— Try it —
One figure is wanted here: how many lines in the entries hold the word "numFieldNormedType".
= = =
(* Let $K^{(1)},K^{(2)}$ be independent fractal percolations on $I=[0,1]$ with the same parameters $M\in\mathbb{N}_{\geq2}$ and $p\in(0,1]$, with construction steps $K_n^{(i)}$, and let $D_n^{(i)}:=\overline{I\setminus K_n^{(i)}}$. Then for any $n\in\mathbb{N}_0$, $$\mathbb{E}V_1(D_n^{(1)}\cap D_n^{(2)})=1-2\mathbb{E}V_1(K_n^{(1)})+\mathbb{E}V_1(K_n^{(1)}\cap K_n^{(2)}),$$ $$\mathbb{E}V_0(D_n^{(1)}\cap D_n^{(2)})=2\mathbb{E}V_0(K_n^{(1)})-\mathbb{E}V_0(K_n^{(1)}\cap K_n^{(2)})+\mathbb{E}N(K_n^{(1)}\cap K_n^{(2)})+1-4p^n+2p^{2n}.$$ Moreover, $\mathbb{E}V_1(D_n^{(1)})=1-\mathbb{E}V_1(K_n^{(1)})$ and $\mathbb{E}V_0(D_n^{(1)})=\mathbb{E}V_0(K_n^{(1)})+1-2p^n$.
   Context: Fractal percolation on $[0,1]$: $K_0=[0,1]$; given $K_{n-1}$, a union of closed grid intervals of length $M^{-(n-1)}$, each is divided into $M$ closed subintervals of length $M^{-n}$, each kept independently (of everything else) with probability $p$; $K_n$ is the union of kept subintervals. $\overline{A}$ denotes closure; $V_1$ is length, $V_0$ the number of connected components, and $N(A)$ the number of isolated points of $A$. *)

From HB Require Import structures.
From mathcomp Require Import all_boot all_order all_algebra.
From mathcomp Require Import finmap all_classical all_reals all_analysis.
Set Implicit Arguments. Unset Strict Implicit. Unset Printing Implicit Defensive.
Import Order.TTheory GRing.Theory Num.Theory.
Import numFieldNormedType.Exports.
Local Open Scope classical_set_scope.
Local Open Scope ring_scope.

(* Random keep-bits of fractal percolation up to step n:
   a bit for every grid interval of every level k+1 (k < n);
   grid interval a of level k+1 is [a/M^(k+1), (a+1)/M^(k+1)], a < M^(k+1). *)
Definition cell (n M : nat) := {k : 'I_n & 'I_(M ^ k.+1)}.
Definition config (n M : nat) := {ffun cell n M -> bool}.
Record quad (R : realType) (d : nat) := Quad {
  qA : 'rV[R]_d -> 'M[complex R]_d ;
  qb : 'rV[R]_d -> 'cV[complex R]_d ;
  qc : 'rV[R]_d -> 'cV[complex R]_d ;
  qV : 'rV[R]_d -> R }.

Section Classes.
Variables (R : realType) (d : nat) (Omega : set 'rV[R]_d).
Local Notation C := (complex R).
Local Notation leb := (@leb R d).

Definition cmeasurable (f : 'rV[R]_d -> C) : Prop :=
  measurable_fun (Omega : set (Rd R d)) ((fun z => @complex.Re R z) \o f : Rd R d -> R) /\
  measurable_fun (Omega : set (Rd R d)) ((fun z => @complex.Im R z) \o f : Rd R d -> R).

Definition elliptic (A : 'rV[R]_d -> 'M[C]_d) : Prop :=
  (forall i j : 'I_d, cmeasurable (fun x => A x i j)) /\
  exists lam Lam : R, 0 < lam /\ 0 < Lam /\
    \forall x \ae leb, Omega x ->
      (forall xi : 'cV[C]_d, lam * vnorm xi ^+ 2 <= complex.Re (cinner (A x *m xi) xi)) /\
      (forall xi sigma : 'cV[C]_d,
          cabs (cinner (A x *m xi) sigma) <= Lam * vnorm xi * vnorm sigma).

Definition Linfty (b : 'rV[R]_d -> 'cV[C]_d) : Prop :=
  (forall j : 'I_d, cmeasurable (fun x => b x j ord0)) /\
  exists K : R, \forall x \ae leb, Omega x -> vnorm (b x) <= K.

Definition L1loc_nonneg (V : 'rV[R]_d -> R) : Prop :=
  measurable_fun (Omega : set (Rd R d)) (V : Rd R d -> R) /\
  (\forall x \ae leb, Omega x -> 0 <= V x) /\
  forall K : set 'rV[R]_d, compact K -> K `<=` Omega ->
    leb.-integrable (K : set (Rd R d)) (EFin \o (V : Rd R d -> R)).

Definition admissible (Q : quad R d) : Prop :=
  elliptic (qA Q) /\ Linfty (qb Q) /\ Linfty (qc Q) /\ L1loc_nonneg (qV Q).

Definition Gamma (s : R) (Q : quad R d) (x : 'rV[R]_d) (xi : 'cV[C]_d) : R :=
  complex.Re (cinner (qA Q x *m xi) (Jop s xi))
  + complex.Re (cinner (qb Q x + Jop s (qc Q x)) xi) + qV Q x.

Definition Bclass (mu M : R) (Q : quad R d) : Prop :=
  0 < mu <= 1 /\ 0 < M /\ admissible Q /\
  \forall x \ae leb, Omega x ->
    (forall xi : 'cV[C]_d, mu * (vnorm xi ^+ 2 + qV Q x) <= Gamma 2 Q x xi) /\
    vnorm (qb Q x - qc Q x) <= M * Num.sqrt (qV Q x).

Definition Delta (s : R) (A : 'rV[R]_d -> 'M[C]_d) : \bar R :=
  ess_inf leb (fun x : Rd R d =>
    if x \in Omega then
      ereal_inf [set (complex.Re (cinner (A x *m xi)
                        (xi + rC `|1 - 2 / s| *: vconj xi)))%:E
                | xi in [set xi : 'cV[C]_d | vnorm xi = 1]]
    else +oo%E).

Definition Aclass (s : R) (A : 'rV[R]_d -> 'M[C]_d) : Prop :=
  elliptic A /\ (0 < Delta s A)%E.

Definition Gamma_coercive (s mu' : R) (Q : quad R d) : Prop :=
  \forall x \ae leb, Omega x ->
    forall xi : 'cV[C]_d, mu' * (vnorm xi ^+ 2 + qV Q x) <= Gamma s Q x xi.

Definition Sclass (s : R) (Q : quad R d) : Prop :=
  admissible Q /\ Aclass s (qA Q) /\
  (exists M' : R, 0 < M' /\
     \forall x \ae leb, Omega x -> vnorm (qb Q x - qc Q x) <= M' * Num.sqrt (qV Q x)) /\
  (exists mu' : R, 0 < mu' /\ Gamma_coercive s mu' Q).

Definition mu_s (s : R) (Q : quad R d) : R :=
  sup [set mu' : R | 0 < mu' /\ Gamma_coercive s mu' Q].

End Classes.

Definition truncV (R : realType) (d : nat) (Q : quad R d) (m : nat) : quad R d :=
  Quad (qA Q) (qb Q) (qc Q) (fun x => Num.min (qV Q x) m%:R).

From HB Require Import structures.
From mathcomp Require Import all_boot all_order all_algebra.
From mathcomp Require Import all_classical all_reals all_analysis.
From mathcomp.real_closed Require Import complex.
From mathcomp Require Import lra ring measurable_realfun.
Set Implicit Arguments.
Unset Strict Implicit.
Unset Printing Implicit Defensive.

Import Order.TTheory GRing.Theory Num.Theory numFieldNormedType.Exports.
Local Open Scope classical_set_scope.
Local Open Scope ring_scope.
= = =
— Output for this exercise —
2